Western Europe have been involved in a negative way for some so I don't think we can dismiss it just because its not on the doorstep, ways to get involved are the same as what you'd do if genocide broke out in France, write to politicians, protest, ask the government to ban companies that profit off NK, donate to charities that help those in areas where genocide is occuring, write to politicians to pressure them to get involved.

IAmAlwaysLikeThis · 18/06/2019 12:09

"Western Europe have been involved in a negative way for some so I don't think we can dismiss it just because its not on the doorstep, ways to get involved are the same as what you'd do if genocide broke out in France, write to politicians, protest, ask the government to ban companies that profit off NK, donate to charities that help those in areas where genocide is occuring, write to politicians to pressure them to get involved."

Of course we can get involved, but given the state of the world, there's an awful lot one could get involved in. I'm talking about stuff that, realistically, the average person is likely to do.

bellinisurge · 18/06/2019 12:10

"I work in an admin role for the local council"
What the hell does that have to do with your failure to vote?

ProfessorofPerspective · 18/06/2019 12:12

I couldn't point to where Shropshire was on a map

But you'd know it was a county?
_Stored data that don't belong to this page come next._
(* Let $V$ be an abelian subgroup of a finite group $G$, and let $g\in G$ be an element normalizing $V$ whose order is coprime to $|V|$. Then $$[V,g]=\mathscr E_{V\langle g\rangle}(g)=\mathscr R_{V\langle g\rangle}(g).$$
   Context: Commutators: $a^b=b^{-1}ab$, $[a,b]=a^{-1}b^{-1}ab$, and $[a,{}_nb]=[\dots[[a,b],b],\dots,b]$ with $b$ repeated $n$ times; $[V,g]$ is the subgroup generated by all $[v,g]$, $v\in V$. For a finite group $H$ and $g\in H$, the right Engel sink $\mathscr R_H(g)$ is the smallest set $\mathscr R\subseteq H$ such that for every $x\in H$ there is $r(x)\ge1$ with $[g,{}_nx]\in\mathscr R$ for all $n\ge r(x)$; the left Engel sink $\mathscr E_H(g)$ is the smallest set $\mathscr E\subseteq H$ such that for every $x\in H$ there is $l(x)\ge1$ with $[x,{}_ng]\in\mathscr E$ for all $n\ge l(x)$ (intersections of such sets are again such sets). *)

From mathcomp Require Import all_boot all_fingroup all_solvable.
Set Implicit Arguments. Unset Strict Implicit. Unset Printing Implicit Defensive.
Local Open Scope group_scope.

Definition commn (gT : finGroupType) (a b : gT) (n : nat) : gT :=
  iter n (fun c => [~ c, b]) a.

Definition left_sink_set (gT : finGroupType) (H : {set gT}) (g : gT)
    (E : {set gT}) : Prop :=
  E \subset H /\
  forall x, x \in H -> exists l, (1 <= l)%N /\
    forall n, (l <= n)%N -> commn x g n \in E.

Definition right_sink_set (gT : finGroupType) (H : {set gT}) (g : gT)
    (R : {set gT}) : Prop :=
  R \subset H /\
  forall x, x \in H -> exists r, (1 <= r)%N /\
    forall n, (r <= n)%N -> commn g x n \in R.

Definition is_left_Engel_sink (gT : finGroupType) (H : {set gT}) (g : gT)
    (E : {set gT}) : Prop :=
  left_sink_set H g E /\ forall E', left_sink_set H g E' -> E \subset E'.

Definition is_right_Engel_sink (gT : finGroupType) (H : {set gT}) (g : gT)
    (R : {set gT}) : Prop :=
  right_sink_set H g R /\ forall R', right_sink_set H g R' -> R \subset R'.

From mathcomp Require Import all_boot all_fingroup all_solvable.
Set Implicit Arguments. Unset Strict Implicit. Unset Printing Implicit Defensive.
Local Open Scope group_scope.

(* Put U = [V, g].  Since g normalizes the abelian group V and
   #[g] is coprime to #|V|, the map u |-> [u, g] has trivial fixed points on
   [V, <g>] and hence permutes U.  Every x of V<g> is sent into U by one
   commutation with g, and U is stable under commutation with any x of V<g>,
   so U is a left and a right sink set.  Conversely each u in U lies on a
   cycle of u |-> [u, g], which is also the sequence [g, _n vg] for a suitable
   v in U, so u lies in every left and every right sink set. *)

Lemma mem_eventually_iter_periodic (T : finType) (S : {pred T}) (f : T -> T)
    (E : {pred T}) x :
  {homo f : y / y \in S} -> {in S &, injective f} -> x \in S ->
  (exists l, forall n, (l <= n)%N -> iter n f x \in E) -> x \in E.
Proof.
move=> fS injf Sx [l hl]; set p := fingraph.order f x.
have -> : x = iter (l * p) f x.
  by rewrite iterM iter_fix // (iter_order_in fS injf Sx).
by apply: hl; rewrite leq_pmulr // fingraph.order_gt0.
Qed.

Section Commutators.
Variable gT : finGroupType.
Implicit Types (K : {group gT}) (g v w : gT).

Lemma commg_inj_in K g : 'C_K[g] = 1 -> {in K &, injective (commg^~ g)}.
Proof.
move=> tiKg u w Ku Kw /=; rewrite !commgEl => eq_uw.
have ugE : u ^ g = u * (w^-1 * w ^ g) by rewrite -eq_uw mulKVg.
have Cuw : u * w^-1 \in 'C_K[g].
  rewrite inE groupM ?groupV //=; apply/cent1P/commgP/conjg_fixP.
  by rewrite conjMg conjVg ugE mulgA mulgK.
by apply/eqP; move: Cuw; rewrite tiKg inE [u == w]eq_mulgV1.
Qed.

Lemma commgMl_commute v w g : commute w v -> [~ w, v * g] = [~ w, g].
Proof. by move/commgP/eqP=> cwv; rewrite commgMJ cwv conj1g mulg1. Qed.

End Commutators.

Section EngelSinksOfCoprimeAction.
Variables (gT : finGroupType) (V : {group gT}) (g : gT).
Hypotheses (abV : abelian V) (nVg : g \in 'N(V)) (coVg : coprime #[g] #|V|).

Let U := [~: V, [set g]].
Let H := V <*> <[g]>.

Lemma joing_cycle_id : g \in H.
Proof. by rewrite (subsetP (joing_subr _ _)) ?cycle_id. Qed.

Lemma commVg_sub_commVcycle : U \subset [~: V, <[g]>].
Proof. by apply: commgSS => //; rewrite sub1set cycle_id. Qed.

Lemma commVg_subV : U \subset V.
Proof.
by apply: subset_trans commVg_sub_commVcycle _; rewrite commg_subl cycle_subG.
Qed.

Lemma commVg_subH : U \subset H.
Proof. exact: subset_trans commVg_subV (joing_subl _ _). Qed.

Lemma commVg_norm : g \in 'N(U).
Proof.
rewrite inE /U -genJ gen_subG.
apply/subsetP=> _ /imsetP[_ /imset2P[v _ Vv /set1P-> ->] ->].
by rewrite conjRg [g ^ g]conjgE mulKg mem_commg ?set11 ?memJ_norm.
Qed.

Lemma commVg_normH : H \subset 'N(U).
Proof.
by rewrite join_subG cycle_subG commVg_norm sub_abelian_norm ?commVg_subV.
Qed.

Lemma commg_mem_commVg x : x \in H -> [~ x, g] \in U.
Proof.
rewrite /H norm_joinEr ?cycle_subG // => /mulsgP[v k Vv /cycleP[i ->] ->].
rewrite commMgJ.
have /commgP/eqP-> : commute (g ^+ i) g by apply: commute_sym; apply: commuteX.
rewrite mulg1 memJ_norm ?mem_commg ?set11 //.
by rewrite groupX ?commVg_norm.
Qed.

Lemma commg_mem_commVgr u x : u \in U -> x \in H -> [~ u, x] \in U.
Proof.
move=> Uu Hx; have Nx := subsetP commVg_normH x Hx.
by rewrite commgEl groupM ?groupV ?memJ_norm.
Qed.

Lemma commVg_commg_homo : {homo commg^~ g : u / u \in U}.
Proof. by move=> u /(subsetP commVg_subH)/commg_mem_commVg. Qed.

Lemma commVg_commg_inj : {in U &, injective (commg^~ g)}.
Proof.
have tiVg : 'C_[~: V, <[g]>][g] = 1.
  by rewrite -cent_cycle coprime_abel_cent_TI ?cycle_subG // coprime_sym.
move=> u w /(subsetP commVg_sub_commVcycle) + /(subsetP commVg_sub_commVcycle).
exact: commg_inj_in.
Qed.

Lemma commnl_mem_commVg x n : x \in H -> commn x g n.+1 \in U.
Proof.
move=> Hx; elim: n => [|n IH]; first exact: commg_mem_commVg.
exact: commVg_commg_homo.
Qed.

Lemma commn_mem_commVg u n : u \in U -> commn u g n \in U.
Proof. by move=> Uu; elim: n => //= n; exact: commVg_commg_homo. Qed.

Lemma commnr_mem_commVg x n : x \in H -> commn g x n.+1 \in U.
Proof.
move=> Hx; elim: n => [|n IH]; last exact: commg_mem_commVgr.
by rewrite /commn /= -invgR groupV commg_mem_commVg ?joing_cycle_id.
Qed.

(* The element v g is chosen so that [g, v g] = u; from then on the factor v
   commutes with every term of the sequence, which lies in V. *)
Lemma commnr_commVg_shift u :
  u \in U -> exists2 x, x \in H & forall n, commn g x n.+1 = commn u g n.
Proof.
move=> Uu; have Uu' : (u ^ g^-1)^-1 \in U.
  by rewrite groupV memJ_norm ?groupV ?commVg_norm.
set v := finv (commg^~ g) (u ^ g^-1)^-1.
have Uv : v \in U by apply: finv_in Uu'; exact: commVg_commg_homo.
have vgE : [~ v, g] = (u ^ g^-1)^-1.
  exact: f_finv_in commVg_commg_homo commVg_commg_inj _ Uu'.
have Vv := subsetP commVg_subV v Uv.
exists (v * g); first by rewrite groupM ?joing_cycle_id ?(subsetP (joing_subl _ _)).
elim=> [|n IH]; first by rewrite /commn /= commgMJ commgg mul1g -invgR vgE invgK conjgKV.
have Vw : commn u g n \in V by rewrite (subsetP commVg_subV) ?commn_mem_commVg.
rewrite -[LHS]/[~ commn g (v * g) n.+1, v * g] IH commgMl_commute //.
exact: (centsP abV).
Qed.

Lemma left_sink_commVg : left_sink_set H g U.
Proof.
split; first exact: commVg_subH.
by move=> x Hx; exists 1%N; split=> // -[|n] // _; exact: commnl_mem_commVg.
Qed.

Lemma right_sink_commVg : right_sink_set H g U.
Proof.
split; first exact: commVg_subH.
by move=> x Hx; exists 1%N; split=> // -[|n] // _; exact: commnr_mem_commVg.
Qed.

Lemma left_sink_commVg_min E : left_sink_set H g E -> U \subset E.
Proof.
move=> [_ sinkE]; apply/subsetP=> u Uu.
have [l [_ hl]] := sinkE u (subsetP commVg_subH u Uu).
apply: (mem_eventually_iter_periodic commVg_commg_homo commVg_commg_inj Uu).
by exists l.
Qed.

Lemma right_sink_commVg_min R : right_sink_set H g R -> U \subset R.
Proof.
move=> [_ sinkR]; apply/subsetP=> u Uu.
have [x Hx commnE] := commnr_commVg_shift Uu.
have [r [_ hr]] := sinkR x Hx.
apply: (mem_eventually_iter_periodic commVg_commg_homo commVg_commg_inj Uu).
by exists r => n le_rn; rewrite -[iter _ _ _]commnE hr ?(leq_trans le_rn).
Qed.

End EngelSinksOfCoprimeAction.

Theorem lemma3p2 (gT : finGroupType) (G V : {group gT}) (g : gT) :
  V \subset G -> abelian V -> g \in G -> g \in 'N(V) ->
  coprime #[g] #|V| ->
  is_left_Engel_sink (V <*> <[g]>) g [~: V, [set g]] /\
  is_right_Engel_sink (V <*> <[g]>) g [~: V, [set g]].
Proof.
move=> _ abV _ nVg coVg; split.
- split; first exact: left_sink_commVg.
  exact: left_sink_commVg_min.
- split; first exact: right_sink_commVg.
  exact: right_sink_commVg_min.
Qed.
Theorem mainTheorem17 (G : structure) :
  fo_expansion G ->
  (exists (n : nat) (R : relation n), pp_definable G R /\ ~ horn_definable R) ->
  exists R2 : relation 2, pp_definable G R2 /\ ~ horn_definable R2.
Proof.
move=> [Hfo Hsuc] [n [R [HR Hnh]]].
have HS : supported (rel_pred R) (iota 0 n).
  move=> v w Hvw; rewrite /rel_pred.
  have -> // : (fun k : 'I_n => v k) = (fun k => w k).
  by apply: functional_extensionality => k; apply: Hvw; rewrite mem_iota /=.
have [M [HM HD]] := pp_def_determined Hfo HR HS.
apply: (binary_witness Hfo Hsuc erefl (iota_uniq 0 n) HR HS) => HCl.
exact/Hnh/(horn_definable_of_closed HM HD HCl).
Qed.
(* (k^x)^n ⋊ G as a group of monomial matrices: D * P_sigma with D
   invertible diagonal and sigma in G. *)
Definition monomial_group (k : fieldType) (n : nat) (G : {set 'S_n}) (A : 'M[k]_n) : Prop :=
  exists d : 'rV[k]_n, (forall i, d 0 i != 0) /\
    exists2 s, s \in G & A = diag_mx d *m perm_mx s.

Definition card_at_least (k : eqType) (N : nat) : Prop :=
  exists s : seq k, uniq s /\ (N <= size s)%N.

From mathcomp Require Import all_boot all_order all_algebra all_fingroup all_solvable.
From mathcomp Require Import zify ring.

(* Take q constant on the orbits of G acting on ordered pairs of indices:
   q_ij = -1 if some element of G swaps i and j, and otherwise q_ij is a
   generic scalar attached to the orbit of (i, j), its inverse being attached
   to the reverse orbit.  Then q_ij <> 1 off the diagonal (swaps only exist
   when |G| is even, whence char k <> 2), which forces every graded
   automorphism to be monomial, D P_s, with s preserving q.  By genericity s
   agrees with an element of G on every pair of indices not swapped by G.
   For G = <sig> cyclic, this makes s commute with sig and act on each
   sig-orbit as a power sig^(m_x); the exponents agree modulo the gcd of the
   orbit lengths, and the Chinese remainder theorem glues them into a single
   power of sig. *)

Set Implicit Arguments.
Unset Strict Implicit.
Unset Printing Implicit Defensive.
Import GRing.Theory.
Local Open Scope ring_scope.

Section QuantumRelations.
Variables (k : fieldType) (n : nat) (q : 'M[k]_n).

Lemma qrel_combinationE (c : 'M[k]_n) :
  \sum_(i < n) \sum_(j < n) c i j *: qrel q i j = c^T - \matrix_(i, j) (q i j * c i j).
Proof.
rewrite {1}[c^T]matrix_sum_delta [in RHS]exchange_big {1}[\matrix_(i, j) _]matrix_sum_delta.
rewrite -sumrB; apply: eq_bigr => i _; rewrite -sumrB; apply: eq_bigr => j _.
by rewrite !mxE /qrel scalerBr scalerA [q i j * _]mulrC.
Qed.

Lemma in_qrel_span_scale_qrel (c : k) (x y : 'I_n) : in_qrel_span q (c *: qrel q x y).
Proof.
exists (c *: delta_mx x y); rewrite qrel_combinationE.
apply/matrixP => a b; rewrite !mxE andbC mulrBr mulrCA.
by case: (eqVneq a x) => [->|]; case: (eqVneq b y) => [->|]; rewrite ?andbF ?mulr0.
Qed.

Hypothesis q_quantum : quantum_param_matrix q.

Lemma in_qrel_span_diag M a : in_qrel_span q M -> M a a = 0.
Proof.
by case=> c ->; rewrite qrel_combinationE !mxE (q_quantum a a).1 mul1r subrr.
Qed.

Lemma in_qrel_span_skew M a b : in_qrel_span q M -> M a b + q a b * M b a = 0.
Proof.
case=> c ->; rewrite qrel_combinationE !mxE mulrBr mulrA (q_quantum a b).2 mul1r.
by rewrite addrA subrK subrr.
Qed.

End QuantumRelations.

Section Monomial.
Variables (k : fieldType) (n : nat).
Implicit Types (q A : 'M[k]_n) (d : 'rV[k]_n) (s : 'S_n).

Definition monomial_mx d s : 'M[k]_n := diag_mx d *m perm_mx s.

Definition perm_invariant q s := forall i j, q (s i) (s j) = q i j.

Lemma perm_invariantV q s : perm_invariant q s -> perm_invariant q (s^-1)%g.
Proof. by move=> qs i j; rewrite -qs !permKV. Qed.

Lemma monomial_mxE d s a j : monomial_mx d s a j = d 0 a * (s a == j)%:R.
Proof. by rewrite /monomial_mx mul_diag_mx !mxE. Qed.

Lemma monomial_mxK d s : (forall i, d 0 i != 0) ->
  monomial_mx d s *m monomial_mx (\row_x (d 0 ((s^-1)%g x))^-1) (s^-1)%g = 1%:M.
Proof.
move=> d_neq0; apply/matrixP => a b.
rewrite !mxE (bigD1 (s a)) //= big1 => [|x /negbTE sa_x]; last first.
  by rewrite monomial_mxE eq_sym sa_x mulr0 mul0r.
by rewrite !monomial_mxE !mxE eqxx mulr1 permK addr0 mulrA mulfV // mul1r.
Qed.

Lemma monomial_mx_unit d s : (forall i, d 0 i != 0) -> monomial_mx d s \in unitmx.
Proof. by move=> d_neq0; case: (mulmx1_unit (monomial_mxK s d_neq0)). Qed.

Lemma invmx_monomial d s : (forall i, d 0 i != 0) ->
  invmx (monomial_mx d s) = monomial_mx (\row_x (d 0 ((s^-1)%g x))^-1) (s^-1)%g.
Proof.
move=> d_neq0; have Au := monomial_mx_unit s d_neq0.
by rewrite -[invmx _]mulmx1 -(monomial_mxK s d_neq0) mulmxA mulVmx // mul1mx.
Qed.

Lemma unitmx_row_disjoint_monomial A : A \in unitmx ->
    (forall a i j, i != j -> A a i * A a j = 0) ->
  exists2 d : 'rV[k]_n, (forall i, d 0 i != 0) & exists s : 'S_n, A = monomial_mx d s.
Proof.
move=> Au A_disj.
have /existsP[s /prodf_neq0 As] : [exists s : 'S_n, \prod_i A i (s i) != 0].
  apply: contraT; rewrite negb_exists => /forallP As0.
  move: Au; rewrite unitmxE unitfE /determinant big1 ?eqxx // => s _.
  by rewrite (eqP (negbNE (As0 s))) mulr0.
exists (\row_i A i (s i)) => [i|]; first by rewrite mxE As.
exists s; apply/matrixP => a j; rewrite monomial_mxE mxE.
have [<-|nj] := eqVneq (s a) j; first by rewrite mulr1.
by move/eqP: (A_disj a _ _ nj); rewrite mulr0 mulf_eq0 (negbTE (As a isT)) => /eqP.
Qed.

Lemma conj_delta_mxE A u v a b : (A *m delta_mx u v *m A^T) a b = A a u * A b v.
Proof.
rewrite -[delta_mx u v](@mul_delta_mx _ n 1 n 0) mulmxA -colE -mulmxA -rowE.
by rewrite mxE big_ord1 !mxE.
Qed.

Lemma conj_monomial_delta d s u v :
  monomial_mx d s *m delta_mx u v *m (monomial_mx d s)^T =
  (d 0 ((s^-1)%g u) * d 0 ((s^-1)%g v)) *: delta_mx ((s^-1)%g u) ((s^-1)%g v).
Proof.
apply/matrixP => a b; rewrite conj_delta_mxE !monomial_mxE !mxE.
rewrite !(can2_eq (permK s) (permKV s)).
by case: eqVneq => [->|]; case: eqVneq => [->|]; rewrite ?mulr0 ?mul0r ?mulr1.
Qed.

Lemma conj_qrelE q A i j a b :
  (A *m qrel q i j *m A^T) a b = A a j * A b i - q i j * (A a i * A b j).
Proof.
by rewrite /qrel mulmxBr mulmxBl -scalemxAr -scalemxAl -!conj_delta_mxE !mxE.
Qed.

Section Relations.
Variable q : 'M[k]_n.
Hypothesis q_quantum : quantum_param_matrix q.

Lemma preserves_qrel_row_disjoint A : (forall i j, i != j -> q i j != 1) ->
  preserves_qrel q A -> forall a i j, i != j -> A a i * A a j = 0.
Proof.
move=> q_neq1 Apres a i j nij; have := in_qrel_span_diag q_quantum a (Apres i j).
rewrite conj_qrelE mulrC -{1}[A a i * _]mul1r -mulrBl => /eqP.
by rewrite mulf_eq0 subr_eq0 eq_sym (negbTE (q_neq1 i j nij)) => /eqP.
Qed.

Lemma preserves_qrel_monomialP d s : (forall i, d 0 i != 0) ->
  preserves_qrel q (monomial_mx d s) <-> perm_invariant q s.
Proof.
move=> d_neq0.
have conjE i j : monomial_mx d s *m qrel q i j *m (monomial_mx d s)^T =
    (d 0 ((s^-1)%g i) * d 0 ((s^-1)%g j)) *:
    (delta_mx ((s^-1)%g j) ((s^-1)%g i) - q i j *: delta_mx ((s^-1)%g i) ((s^-1)%g j)).
  rewrite /qrel mulmxBr mulmxBl -scalemxAr -scalemxAl !conj_monomial_delta.
  by rewrite scalerBr !scalerA [q i j * _]mulrC [d 0 (_ j) * _]mulrC.
split=> [Mpres x y | qs i j].
  have [<-|nxy] := eqVneq x y; first by rewrite (q_quantum x x).1 (q_quantum (s x) x).1.
  have := in_qrel_span_skew q_quantum x y (Mpres (s x) (s y)).
  rewrite conjE !mxE !permK !eqxx (negbTE nxy) eq_sym (negbTE nxy) /=.
  rewrite !mulr0 !mulr1 sub0r subr0 mulr1 mulrN [q x y * _]mulrC addrC -mulrBr => /eqP.
  by rewrite !mulf_eq0 !(negbTE (d_neq0 _)) subr_eq0 => /eqP.
have := qs ((s^-1)%g i) ((s^-1)%g j); rewrite conjE !permKV => ->.
exact: in_qrel_span_scale_qrel.
Qed.

Lemma Aut_gr_monomialP A : (forall i j, i != j -> q i j != 1) ->
  Aut_gr q A <-> exists2 d : 'rV[k]_n, (forall i, d 0 i != 0) &
                  exists2 s : 'S_n, perm_invariant q s & A = monomial_mx d s.
Proof.
move=> q_neq1; split=> [[Au Apres _]|[d d_neq0 [s qs ->]]].
  have [d d_neq0 [s defA]] :=
    unitmx_row_disjoint_monomial Au (preserves_qrel_row_disjoint q_neq1 Apres).
  exists d => //; exists s => //.
  by apply/(preserves_qrel_monomialP _ d_neq0); rewrite -defA.
split; first exact: monomial_mx_unit.
  exact/preserves_qrel_monomialP.
rewrite invmx_monomial //; apply/preserves_qrel_monomialP; last exact: perm_invariantV.
by move=> i; rewrite mxE invr_eq0.
Qed.

End Relations.
End Monomial.

Section GenericScalars.
Variable k : fieldType.

Definition generic_seq (t : seq k) :=
  [/\ uniq t, 0 \notin t & forall x y, x \in t -> y \in t -> x * y != 1].

Lemma exists_generic_seq (s : seq k) M : uniq s -> (2 * M + 4 <= size s)%N ->
  exists2 t, size t = M & generic_seq t.
Proof.
move=> s_uniq; elim: M => [|M IH] leMs; first by exists [::].
have [|t sz_t [t_uniq t_neq0 t_inv]] := IH; first by apply: leq_trans leMs; lia.
pose F := [:: 0; 1; -1] ++ t ++ map GRing.inv t.
have [x xs xF] : exists2 x, x \in s & x \notin F.
  case: (boolP (all (mem F) s)) => [/allP sF|/allPn[x xs xF]]; last by exists x.
  have := uniq_leq_size s_uniq sF; rewrite !size_cat size_map sz_t /=; lia.
move: xF; rewrite !mem_cat !inE !negb_or => /and3P[/and3P[x_neq0 x_neq1 x_neqN1] xt xVt].
have xtV y : y \in t -> x * y != 1.
  move=> yt; have y_neq0 : y != 0 by apply: contraNneq t_neq0 => <-.
  by apply: contraNneq xVt => xy1; rewrite -[x](mulfK y_neq0) xy1 div1r map_f.
exists (x :: t); first by rewrite /= sz_t.
split; [by rewrite /= xt | by rewrite inE negb_or eq_sym x_neq0 |].
move=> u v; rewrite !inE => /predU1P[->|ut] /predU1P[->|vt].
- by rewrite -expr2 sqrf_eq1 negb_or x_neq1.
- exact: xtV.
- by rewrite mulrC xtV.
- exact: t_inv.
Qed.

Definition generic_family (T : Type) (a : T -> k) :=
  [/\ injective a, forall x, a x != 0 & forall x y, a x * a y != 1].

Lemma exists_generic_family (T : finType) :
  card_at_least k (2 * #|T| + 4) -> exists a : T -> k, generic_family a.
Proof.
case=> s [s_uniq le_s].
have [t sz_t [t_uniq t_neq0 t_inv]] := exists_generic_seq s_uniq le_s.
have t_nth (x : T) : nth 0 t (enum_rank x) \in t by rewrite mem_nth ?sz_t.
exists (fun x => nth 0 t (enum_rank x)); split=> [x y /eqP|x|x y].
- by rewrite nth_uniq ?sz_t // => /eqP/val_inj/enum_rank_inj.
- by apply: contraNneq t_neq0 => <-; apply: t_nth.
- exact: t_inv (t_nth x) (t_nth y).
Qed.

End GenericScalars.

Lemma chinese_remainder2 (l1 l2 : nat) (r1 r2 : int) :
  ((gcdn l1 l2)%:Z %| r1 - r2)%Z ->
  exists X : int, (l1%:Z %| X - r1)%Z /\ (l2%:Z %| X - r2)%Z.
Proof.
case/dvdzP=> w r12; have [u [v uv]] := Bezoutz l1 l2.
exists (r1 - u * l1%:Z * w); split.
  by rewrite addrAC subrr add0r rpredN -mulrA mulrC -mulrA dvdz_mulr.
have -> : r1 - u * l1%:Z * w - r2 = w * v * l2%:Z.
  by rewrite addrAC r12 -[(gcdn l1 l2)%:Z]/(gcdz l1 l2) -uv; ring.
exact: dvdz_mull.
Qed.

Lemma chinese_remainder_seq (I : eqType) (l : I -> nat) (r : I -> int) (s : seq I) :
  (forall i j, i \in s -> j \in s -> ((gcdn (l i) (l j))%:Z %| r i - r j)%Z) ->
  exists X : int, forall i, i \in s -> ((l i)%:Z %| X - r i)%Z.
Proof.
elim: s => [|i s IH] compat; first by exists 0.
have [|X0 X0s] := IH.
  by move=> x y xs ys; apply: compat; rewrite inE ?xs ?ys orbT.
have gcd_compat : ((gcdn (\big[lcmn/1%N]_(j <- s) l j) (l i))%:Z %| X0 - r i)%Z.
  rewrite dvdzE big_seq; elim/big_ind: _ => [|p q|j js].
  - by rewrite gcd1n dvd1n.
  - (* gcd distributes over lcm *)
    by rewrite Order.NatDvd.meetUl dvdn_lcm => -> ->.
  have -> : X0 - r i = (X0 - r j) + (r j - r i) by rewrite addrA subrK.
  rewrite -dvdzE rpredD //; last by apply: compat; rewrite inE ?js ?eqxx ?orbT.
  by apply: dvdz_trans (X0s j js); rewrite dvdzE dvdn_gcdl.
have [X [X0X Xi]] := chinese_remainder2 gcd_compat.
exists X => j; rewrite inE => /predU1P[->//|js].
have -> : X - r j = (X - X0) + (X0 - r j) by rewrite addrA subrK.
rewrite rpredD ?X0s //; apply: dvdz_trans X0X.
by rewrite dvdzE (big_rem j js) dvdn_lcml.
Qed.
And roughly what area of the country? Ie not in Scotland or south of London?

skyremote · 18/06/2019 12:18

My sons eldest living grand parent is his great grandad who was born in 1949. His only grandparents he has were born in the 70's.

My job doesn't have anything to do with my failure to vote. Someone asked me what I did for a living.

I didn't vote out of choice, because I don't understand what's going on so I'd rather not vote.

historysock · 18/06/2019 12:20

I've got really good general knowledge-but I think it's because I've always read a lot. You pick lots of things up from books without realising it. I've also got a pretty good memory.
I sometimes am quite surprised by the things people don't know-but then they'd be surprised at how absolutely awful I am at anything Mathematical, so each to their own I suppose.